Once a valid thread state has been located, the debugger can write control fields that instruct the target process to execute a script at the next safe opportunity.
Each thread state contains a _PyRemoteDebuggerSupport
structure, which is used
to coordinate communication between the debugger and the interpreter. The debugger
uses offsets from _Py_DebugOffsets
to locate three key fields:
debugger_script_path
: A buffer where the debugger writes the full path to a Python source file (.py
). The file must exist and be readable by the target process.debugger_pending_call
: An integer flag. When set to1
, it signals that a script is ready to be executed.eval_breaker
: A field checked periodically by the evaluation loop. To notify the interpreter of pending debugger activity, the debugger sets the_PY_EVAL_PLEASE_STOP_BIT
in this field. This causes the interpreter to pause and check for debugger-related actions before continuing with normal execution.
To safely modify these fields, most debuggers should suspend the process before writing to memory. This avoids race conditions that may occur if the interpreter is actively running.
To perform the injection:
- Write the script path into the
debugger_script_path
buffer. - Set the
debugger_pending_call
flag to1
. - Read the value of
eval_breaker
, set the stop bit, and write the updated value back.
An example implementation might look like:
def inject_script(pid, thread_state_addr, debug_offsets, script_path):
# Base offset to the _PyRemoteDebuggerSupport struct
support_base = (
thread_state_addr +
debug_offsets.debugger_support.remote_debugger_support
)
# 1. Write script path
script_path_ptr = support_base + debug_offsets.debugger_support.debugger_script_path
write_string(pid, script_path_ptr, script_path)
# 2. Set debugger_pending_call = 1
pending_ptr = support_base + debug_offsets.debugger_support.debugger_pending_call
write_int(pid, pending_ptr, 1)
# 3. Set _PY_EVAL_PLEASE_STOP_BIT in eval_breaker
eval_breaker_ptr = thread_state_addr + debug_offsets.debugger_support.eval_breaker
breaker = read_int(pid, eval_breaker_ptr)
# Set the least significant bit (this is _PY_EVAL_PLEASE_STOP_BIT)
breaker |= 1
write_int(pid, eval_breaker_ptr, breaker)
After these writes are complete, the debugger may resume the process (if it was paused).
The interpreter will check eval_breaker
at the next evaluation checkpoint,
detect the pending call, and load and execute the specified Python file.
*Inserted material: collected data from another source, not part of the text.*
Lemma fixpoint_gap_Psi_fixpoint d x : 0 < x <= 1 / 2 -> Psi d x = x ->
  fixpoint_gap d x = 0.
Proof.
  intros Hx Hfix.
  pose proof (Psi_fixpoint_balance d x ltac:(lra) Hfix) as Hbal.
  assert (Hw : 0 < Rpower (hatPsi x) (d - 1)) by apply exp_pos.
  unfold fixpoint_gap; rewrite Hbal, ln_mult, ln_Rpower by (try apply hatPsi_pos; lra).
  ring.
Qed.

Definition fixpoint_gap_deriv_num (d z : R) : R :=
  (1 - 2 * z ^ 2) * (1 - z ^ 2) - 2 * (d - 1) * z * (1 - 2 * z) * (1 - z).

Lemma is_derive_fixpoint_gap d z : 0 <= z < 1 / 2 ->
  is_derive (fixpoint_gap d) z
    (fixpoint_gap_deriv_num d z / ((1 - 2 * z) * (1 - z) * (1 - 2 * z ^ 2) * (1 - z ^ 2))).
Proof.
  intros Hz; unfold fixpoint_gap, fixpoint_gap_deriv_num, hatPsi.
  auto_derive.
  - repeat split; try apply Rdiv_lt_0_compat; nra.
  - field; repeat split; nra.
Qed.

Definition Phi3_deriv_num (d z : R) : R :=
  (1 + z) * (1 - 2 * z ^ 3) + 6 * (d * (2 / 3 - / d)) * z ^ 2 * (1 - z ^ 2)
  - 2 * (d - 1) * z * (1 - 2 * z ^ 3).

Lemma is_derive_Phi3 d z : 0 <= z <= 1 / 2 ->
  is_derive (Phi3 d) z (Phi3_deriv_num d z / ((1 - z ^ 2) * (1 - 2 * z ^ 3))).
Proof.
  intros Hz; unfold Phi3, Phi3_deriv_num.
  generalize (d * (2 / 3 - / d)); intros a.
  auto_derive.
  - repeat split; nra.
  - field; repeat split; nra.
Qed.

Lemma d0_Phi3_coeff : d0 * (2 / 3 - / d0) = 262 / 75.
Proof. unfold d0; field. Qed.

Lemma fixpoint_gap_deriv_num_d0_nondecr z1 z2 : 3 / 8 <= z1 -> z1 <= z2 -> z2 <= 25 / 56 ->
  fixpoint_gap_deriv_num d0 z1 <= fixpoint_gap_deriv_num d0 z2.
Proof.
  intros H1 H12 H2.
  set (s := z1 + z2).
  assert (Hfactor : fixpoint_gap_deriv_num d0 z2 - fixpoint_gap_deriv_num d0 z1
    = (z2 - z1) * (- 3 * s + 2 * s * (z1 ^ 2 + z2 ^ 2)
                   - 287 / 25 * (1 - 3 * s + 2 * (z1 ^ 2 + z1 * z2 + z2 ^ 2)))).
  { unfold fixpoint_gap_deriv_num, d0, s; field. }
  assert (0 <= - 3 * s + 2 * s * (z1 ^ 2 + z2 ^ 2)
               - 287 / 25 * (1 - 3 * s + 2 * (z1 ^ 2 + z1 * z2 + z2 ^ 2))).
  { unfold s; nra. }
  nra.
Qed.

Lemma fixpoint_gap_d0_at_3_8 : fixpoint_gap d0 (3 / 8) < 0.
Proof.
  unfold fixpoint_gap, hatPsi, d0.
  replace ((1 - 2 * (3 / 8) ^ 2) / (1 - (3 / 8) ^ 2)) with (46 / 55) by field.
  replace (1 - 3 / 8) with (5 / 8) by field.
  replace (1 - 2 * (3 / 8)) with (1 / 4) by field.
  assert (Hpow : (46 / 55) ^ 287 * (5 / 8) ^ 50 < (1 / 4) ^ 50).
  { apply (pow_mul_pow_lt_of_dltb 46 55 5 8 1 4 287 50 50);
      [lia .. | vm_compute; reflexivity]. }
  pose proof (pow_lt_ln_lt _ _ _ 287 50 50 Hpow ltac:(lra) ltac:(lra) ltac:(lra)) as L.
  rewrite !INR_IZR_INZ in L; simpl in L.
  lra.
Qed.

Lemma fixpoint_gap_d0_at_25_56 : fixpoint_gap d0 (25 / 56) < 0.
Proof.
  unfold fixpoint_gap, hatPsi, d0.
  replace ((1 - 2 * (25 / 56) ^ 2) / (1 - (25 / 56) ^ 2)) with (1886 / 2511) by field.
  replace (1 - 25 / 56) with (31 / 56) by field.
  replace (1 - 2 * (25 / 56)) with (3 / 28) by field.
  assert (Hpow : (1886 / 2511) ^ 287 * (31 / 56) ^ 50 < (3 / 28) ^ 50).
  { apply (pow_mul_pow_lt_of_dltb 1886 2511 31 56 3 28 287 50 50);
      [lia .. | vm_compute; reflexivity]. }
  pose proof (pow_lt_ln_lt _ _ _ 287 50 50 Hpow ltac:(lra) ltac:(lra) ltac:(lra)) as L.
  rewrite !INR_IZR_INZ in L; simpl in L.
  lra.
Qed.
Lemma other_neq a b x : a != b -> x \in [:: a; b] -> other a b x != x.
Proof.
by rewrite /other !inE => ab /orP[] /eqP ->; rewrite ?eqxx ?(eq_sym b a) ?(negbTE ab).
Qed.

Lemma other_eq a b x y : a != b -> x \in [:: a; b] -> y \in [:: a; b] ->
  y != x -> y = other a b x.
Proof.
rewrite /other !inE => ab /orP[] /eqP -> /orP[] /eqP ->; rewrite ?eqxx //.
by rewrite (eq_sym b) (negbTE ab).
Qed.

Section Rectangle.
Variables (D : {set cell n}) (c : coloring n k).
Hypotheses (hc : determines D c) (hk : k + 2 = n + n).
Variables (i i' j j' : 'I_n).
Hypotheses (ii' : i != i') (jj' : j != j').
Hypothesis rect_free : forall x y,
  x \in [:: i; i'] -> y \in [:: j; j'] -> (x, y) \notin D.

Definition row_ok v := [forall r, (r \notin [:: i; i']) ==>
  (c (r, v.2) != c (v.1, other j j' v.2))].
Definition col_ok v := [forall s, (s \notin [:: j; j']) ==>
  (c (v.1, s) != c (other i i' v.1, v.2))].

Lemma row_ok_or_col_ok x y : x \in [:: i; i'] -> y \in [:: j; j'] ->
  row_ok (x, y) || col_ok (x, y).
Proof.
move=> xI yJ; apply/negPn/negP; rewrite negb_or.
case/andP => /forallPn [r]; rewrite negb_imply negbK /= => /andP[rI /eqP Er].
case/forallPn => s; rewrite negb_imply negbK /= => /andP[sJ /eqP Es].
have rx' : r != other i i' x by apply: contraNneq rI => ->; apply: mem_other.
apply: (no_three_shared hc hk (rect_free xI yJ) (b1 := c (x, y))
  (b2 := c (x, other j j' y)) (b3 := c (other i i' x, y))).
- by rewrite eq_sym; apply: (row_proper hc); apply: other_neq.
- by rewrite eq_sym; apply: (col_proper hc); apply: other_neq.
- by rewrite -Er; apply: (col_proper hc).
all: by rewrite ?mem_row_colors ?mem_col_colors // -?Er -?Es
  ?mem_row_colors ?mem_col_colors.
Qed.

Definition corner v := (v.1 \in [:: i; i']) && (v.2 \in [:: j; j']).

(* Each corner takes the colour of its neighbour in the same row or in the same
   column, choosing one that does not clash outside the rectangle; one of the
   two is always possible by row_ok_or_col_ok. *)
Definition rect_move v :=
  if corner v then
    if row_ok v then (v.1, other j j' v.2) else (other i i' v.1, v.2)
  else v.

Lemma rect_move_id v : ~~ corner v -> rect_move v = v.
Proof. by rewrite /rect_move => /negbTE ->. Qed.
Lemma iscale_ebE c a b p : iscale c (eb K a b) p = if (p.1 == a) && (p.2 == b) then c else 0.
Proof. by rewrite !ffunE; case: ifP; rewrite ?mulr1 ?mulr0. Qed.

Lemma eb_imulE a b f p q : (a <= b)%O -> incid f ->
  imul (eb K a b) f (p, q) = if p == a then f (b, q) else 0.
Proof.
move=> ab hf; rewrite ffunE /=; have [->|pa] := eqVneq p a; last first.
  by rewrite big1 // => t _; rewrite ffunE /= (negbTE pa) mul0r.
have [bq|bq] := boolP (b <= q)%O.
  rewrite (bigD1 b) ?ab //= ffunE /= !eqxx mul1r big1 ?addr0 // => t /andP[_ tb].
  by rewrite ffunE /= (negbTE tb) andbF mul0r.
rewrite hf // big1 // => t /andP[_ tq]; rewrite ffunE /= eqxx /=.
by case: eqP => [tb|]; [rewrite -tb tq in bq | rewrite mul0r].
Qed.

Lemma imul_ebE a b f p q : (a <= b)%O -> incid f ->
  imul f (eb K a b) (p, q) = if q == b then f (p, a) else 0.
Proof.
move=> ab hf; rewrite ffunE /=; have [->|qb] := eqVneq q b; last first.
  by rewrite big1 // => t _; rewrite ffunE /= (negbTE qb) andbF mulr0.
have [pa|pa] := boolP (p <= a)%O.
  rewrite (bigD1 a) ?pa //= ffunE /= !eqxx mulr1 big1 ?addr0 // => t /andP[_ ta].
  by rewrite ffunE /= (negbTE ta) mulr0.
rewrite hf // big1 // => t /andP[pt _]; rewrite ffunE /= eqxx andbT.
by case: eqP => [ta|]; [rewrite -ta pt in pa | rewrite mulr0].
Qed.

Lemma ibracket_eb a t b : (a <= t)%O -> (t <= b)%O -> a != b ->
  ibracket (eb K a t) (eb K t b) = eb K a b.
Proof.
move=> le_at tb ab; apply/ffunP => -[p q].
rewrite ibracketE (eb_imulE _ _ le_at (eb_incid tb)) (eb_imulE _ _ tb (eb_incid le_at)).
rewrite !ffunE /= eqxx (eq_sym b a) (negbTE ab).
by case: (p == a); rewrite /= ?if_same subr0.
Qed.
Lemma perm_extend (T : finType) (L : seq (T * T)) :
  {in L &, forall p q, (p.1 == q.1) = (p.2 == q.2)} ->
  exists s : {perm T}, {in L, forall p, s p.1 = p.2}.
Proof.
elim: L => [|p L IH] HL; first by exists 1.
have [s Hs] : exists s : {perm T}, {in L, forall q, s q.1 = q.2}.
  by apply: IH => q r Hq Hr; apply: HL; rewrite inE ?Hq ?Hr orbT.
have Hp : p \in p :: L := mem_head p L.
exists (s * tperm (s p.1) p.2) => q; rewrite inE => /predU1P[-> | qL].
  by rewrite permM tpermL.
have Hq : q \in p :: L by rewrite inE qL orbT.
have [Eqp | Npq] := eqVneq q.1 p.1.
  by rewrite Eqp permM tpermL; apply/esym/eqP; rewrite -(HL _ _ Hq Hp) Eqp.
rewrite permM (Hs q qL) tpermD //; first by rewrite -(Hs q qL) (inj_eq perm_inj) eq_sym.
by rewrite eq_sym -(HL _ _ Hq Hp).
Qed.

Section Realization.
Variables (N : nat) (F : seq edge).
Hypothesis F_bound : forall a l b, (a, l, b) \in undirected F -> b <= N.
Hypothesis F_det :
  forall a l b b', (a, l, b) \in undirected F -> (a, l, b') \in undirected F -> b = b'.

Lemma label_perm g : exists s : {perm 'I_N.+1},
  forall a b, (a, (g, false), b) \in undirected F -> s (inord a) = inord b.
Proof.
have inord_eq a b : a <= N -> b <= N -> (inord a == inord b :> 'I_N.+1) = (a == b).
  by move=> Ha Hb; apply/eqP/eqP => [E|->] //; rewrite -(inordK Ha) -(inordK Hb) E.
have src_bound a l b : (a, l, b) \in undirected F -> a <= N.
  by move/undirected_rev/F_bound.
pose L : seq ('I_N.+1 * 'I_N.+1) :=
  [seq (inord e.1.1, inord e.2) | e <- undirected F & e.1.2 == (g, false)].
have [s Hs] : exists s : {perm 'I_N.+1}, {in L, forall p, s p.1 = p.2}.
  apply: perm_extend => _ _ /mapP[[[a l] b] + ->] /mapP[[[a' l'] b'] + ->] /=.
  rewrite !mem_filter /= => /andP[/eqP El Eab] /andP[/eqP El' Eab']; subst l l'.
  rewrite !inord_eq; try by [apply: src_bound Eab | apply: src_bound Eab'
                            | apply: F_bound Eab | apply: F_bound Eab'].
  apply/eqP/eqP => [Ea|Eb]; [rewrite Ea in Eab | rewrite Eb in Eab].
    exact: F_det Eab Eab'.
  exact: F_det (undirected_rev Eab) (undirected_rev Eab').
exists s => a b Eab; apply: (Hs (inord a, inord b)).
by apply/mapP; exists (a, (g, false), b); rewrite ?mem_filter ?eqxx.
Qed.
(* Let $r$ and $d$ be positive integers, $\operatorname{Tv}(d,r)=(d+1)(r-1)+1$, and let $S\subset\mathbb{R}^d$ be a set of $n>\operatorname{Tv}(d,r)$ points. Then the clique number of the Tverberg $r$-partition graph satisfies $\omega(G_T[S,r])=r$.
   Context: A partition of a finite set $S$ into $r$ parts is a collection of $r$ nonempty pairwise disjoint subsets $P_1,\dots,P_r$ (unordered) whose union is $S$. For a finite $S\subset\mathbb{R}^d$, a Tverberg partition of $S$ into $r$ parts is such a partition with $\bigcap_{j=1}^r\operatorname{conv}(P_j)\neq\emptyset$. For two partitions $P,P'$ of $S$, the partition distance $D(P,P')$ is the minimum number of elements of $S$ that must be removed so that $P$ and $P'$ restricted to the remaining elements coincide. The Tverberg $r$-partition graph $G_T[S,r]$ has as vertices all Tverberg partitions of $S$ into $r$ parts, with an edge between $P$ and $P'$ if and only if $D(P,P')=1$. The clique number $\omega(G)$ is the number of vertices of a largest complete subgraph of $G$. *)

From HB Require Import structures.
From mathcomp Require Import all_boot all_order all_algebra.
From mathcomp Require Import reals.
Set Implicit Arguments. Unset Strict Implicit. Unset Printing Implicit Defensive.
Import Order.TTheory GRing.Theory Num.Theory.
(* Let $1\le k<n$ and let $T\colon\mathbb{H}_n\to\mathbb{H}_n$ be a bijective $\mathbb{R}$-linear map. Suppose $P_1,P_2$ are rank-$k$ orthogonal projections with $\operatorname{span}_{\mathbb{R}}S^{\mathbb{H}}(P_1)\neq\operatorname{span}_{\mathbb{R}}S^{\mathbb{H}}(P_2)$, and let $\theta_1,\theta_2\in\{-1,1\}$. Then there do not exist a rank-$k$ orthogonal projection $Q$ and $\theta_3\in\{-1,1\}$ such that $T(\theta_1S^{\mathbb{H}}(P_1))\cup T(\theta_2S^{\mathbb{H}}(P_2))\subseteq\theta_3S^{\mathbb{H}}(Q)$.
   Context: $\mathbb{H}_n$ is the real space of $n\times n$ Hermitian matrices. $w_k(A)=\max\{|\operatorname{tr}(AP)|: P=P^*=P^2,\operatorname{tr}P=k\}$. For a rank-$k$ orthogonal projection $P$, $S^{\mathbb{H}}(P)=\{B\in\mathbb{H}_n:\operatorname{tr}(BP)=w_k(B)\}$. *)

From mathcomp Require Import all_boot all_algebra.
From mathcomp Require Import all_classical all_reals.
From mathcomp.real_closed Require Import complex.
Set Implicit Arguments. Unset Strict Implicit. Unset Printing Implicit Defensive.
Import GRing.Theory Num.Theory.
Local Open Scope ring_scope.
Local Open Scope classical_set_scope.

Section Defs.
Variables (R : realType) (n : nat).
Local Notation C := (R[i]).
Local Notation M := ('M[C]_n).

Definition adjmx (A : M) : M := (map_mx (@conjc R) A)^T.

Definition hermitian (A : M) : Prop := adjmx A = A.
The debugger is responsible
for ensuring that the file remains on disk and readable by the target interpreter
when it is accessed.
To inject and execute a script in a remote Python process:
- Locate the
PyRuntime
structure in the target process's memory. - Read and validate the
_Py_DebugOffsets
structure at the start ofPyRuntime
. - Use the offsets to locate a valid
PyThreadState
. - Write the path to a Python script into
debugger_script_path
. - Set
debugger_pending_call = 1
. - Set
_PY_EVAL_PLEASE_STOP_BIT
ineval_breaker
. - Resume the process (if paused). The script will be executed at the next safe eval point.